**EXERCISE**
Go through the material and copy every line in which "sqrt" appears.

== RECORDS PROVIDED ==

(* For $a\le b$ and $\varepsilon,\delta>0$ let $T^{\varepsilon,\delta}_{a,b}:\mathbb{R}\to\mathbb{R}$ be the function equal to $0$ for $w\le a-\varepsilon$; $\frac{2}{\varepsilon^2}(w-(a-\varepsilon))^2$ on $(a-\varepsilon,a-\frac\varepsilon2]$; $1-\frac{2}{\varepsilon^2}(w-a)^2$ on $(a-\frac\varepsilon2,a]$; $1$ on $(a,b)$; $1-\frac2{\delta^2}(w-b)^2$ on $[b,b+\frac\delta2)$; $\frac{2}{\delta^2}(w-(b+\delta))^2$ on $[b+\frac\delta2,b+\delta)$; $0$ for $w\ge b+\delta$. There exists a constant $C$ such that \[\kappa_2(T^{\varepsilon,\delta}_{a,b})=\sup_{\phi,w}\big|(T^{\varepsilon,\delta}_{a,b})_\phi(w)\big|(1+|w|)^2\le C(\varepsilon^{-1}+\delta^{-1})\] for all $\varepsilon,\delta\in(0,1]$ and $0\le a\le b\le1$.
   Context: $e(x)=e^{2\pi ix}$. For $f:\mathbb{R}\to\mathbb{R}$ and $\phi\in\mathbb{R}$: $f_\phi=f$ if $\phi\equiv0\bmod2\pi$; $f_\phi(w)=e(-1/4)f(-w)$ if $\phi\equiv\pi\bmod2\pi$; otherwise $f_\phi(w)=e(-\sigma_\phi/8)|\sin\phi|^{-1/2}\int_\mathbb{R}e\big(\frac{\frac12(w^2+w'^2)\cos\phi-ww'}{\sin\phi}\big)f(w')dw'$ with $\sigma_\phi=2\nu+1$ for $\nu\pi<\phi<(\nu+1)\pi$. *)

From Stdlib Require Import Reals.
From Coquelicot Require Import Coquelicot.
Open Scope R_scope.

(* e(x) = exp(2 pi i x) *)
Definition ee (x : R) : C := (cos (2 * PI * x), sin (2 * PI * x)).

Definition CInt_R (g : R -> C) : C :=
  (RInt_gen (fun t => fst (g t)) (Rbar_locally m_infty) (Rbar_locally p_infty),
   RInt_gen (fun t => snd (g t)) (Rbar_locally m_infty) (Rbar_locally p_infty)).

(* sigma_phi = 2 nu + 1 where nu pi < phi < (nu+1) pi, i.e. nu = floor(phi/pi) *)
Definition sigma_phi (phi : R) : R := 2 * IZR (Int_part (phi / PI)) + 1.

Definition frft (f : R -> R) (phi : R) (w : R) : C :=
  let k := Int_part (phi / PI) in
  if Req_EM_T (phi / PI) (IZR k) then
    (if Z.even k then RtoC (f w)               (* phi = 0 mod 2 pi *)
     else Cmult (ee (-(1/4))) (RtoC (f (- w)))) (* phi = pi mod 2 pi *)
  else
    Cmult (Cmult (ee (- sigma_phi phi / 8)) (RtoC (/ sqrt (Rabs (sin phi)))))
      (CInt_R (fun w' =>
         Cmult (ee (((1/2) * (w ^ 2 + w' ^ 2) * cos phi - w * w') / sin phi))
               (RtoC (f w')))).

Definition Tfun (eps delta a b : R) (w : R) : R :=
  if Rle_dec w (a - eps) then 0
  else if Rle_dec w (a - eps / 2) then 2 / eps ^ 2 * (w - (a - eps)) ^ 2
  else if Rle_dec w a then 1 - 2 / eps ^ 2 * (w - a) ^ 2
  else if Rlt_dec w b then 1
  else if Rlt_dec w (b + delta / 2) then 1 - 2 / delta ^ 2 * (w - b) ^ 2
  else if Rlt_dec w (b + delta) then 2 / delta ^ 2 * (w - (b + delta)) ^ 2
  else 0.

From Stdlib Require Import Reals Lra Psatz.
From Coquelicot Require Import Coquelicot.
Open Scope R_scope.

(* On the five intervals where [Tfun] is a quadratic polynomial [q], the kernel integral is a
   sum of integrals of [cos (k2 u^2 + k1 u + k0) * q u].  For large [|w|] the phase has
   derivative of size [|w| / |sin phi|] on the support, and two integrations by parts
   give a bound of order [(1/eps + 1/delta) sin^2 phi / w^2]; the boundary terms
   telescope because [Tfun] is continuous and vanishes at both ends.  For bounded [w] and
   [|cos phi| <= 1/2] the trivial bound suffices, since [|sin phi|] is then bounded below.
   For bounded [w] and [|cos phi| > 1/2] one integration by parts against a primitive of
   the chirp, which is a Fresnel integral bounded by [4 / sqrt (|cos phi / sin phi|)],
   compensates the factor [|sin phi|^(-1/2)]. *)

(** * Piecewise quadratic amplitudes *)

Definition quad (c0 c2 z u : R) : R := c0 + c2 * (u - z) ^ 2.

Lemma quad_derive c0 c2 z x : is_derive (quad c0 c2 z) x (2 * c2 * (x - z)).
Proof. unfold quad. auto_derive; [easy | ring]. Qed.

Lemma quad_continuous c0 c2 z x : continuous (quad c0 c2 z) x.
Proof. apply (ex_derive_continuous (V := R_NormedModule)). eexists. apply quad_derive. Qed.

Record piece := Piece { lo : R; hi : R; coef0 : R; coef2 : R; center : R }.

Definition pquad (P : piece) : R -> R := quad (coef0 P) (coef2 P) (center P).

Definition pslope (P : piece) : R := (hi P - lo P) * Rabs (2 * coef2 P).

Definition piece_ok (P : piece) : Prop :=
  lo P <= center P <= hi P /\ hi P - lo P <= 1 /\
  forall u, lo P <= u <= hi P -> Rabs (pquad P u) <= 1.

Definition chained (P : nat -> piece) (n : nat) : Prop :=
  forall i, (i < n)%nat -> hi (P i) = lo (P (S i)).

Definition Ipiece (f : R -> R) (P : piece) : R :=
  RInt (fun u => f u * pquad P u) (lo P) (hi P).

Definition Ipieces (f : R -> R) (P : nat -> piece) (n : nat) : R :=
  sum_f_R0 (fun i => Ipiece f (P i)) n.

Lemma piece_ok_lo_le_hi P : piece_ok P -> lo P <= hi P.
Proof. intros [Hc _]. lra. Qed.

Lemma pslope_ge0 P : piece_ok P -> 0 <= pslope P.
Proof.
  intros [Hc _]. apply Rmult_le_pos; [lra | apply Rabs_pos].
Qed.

===

**EXERCISE RESPONSE**
    Cmult (Cmult (ee (- sigma_phi phi / 8)) (RtoC (/ sqrt (Rabs (sin phi)))))
   the chirp, which is a Fresnel integral bounded by [4 / sqrt (|cos phi / sin phi|)],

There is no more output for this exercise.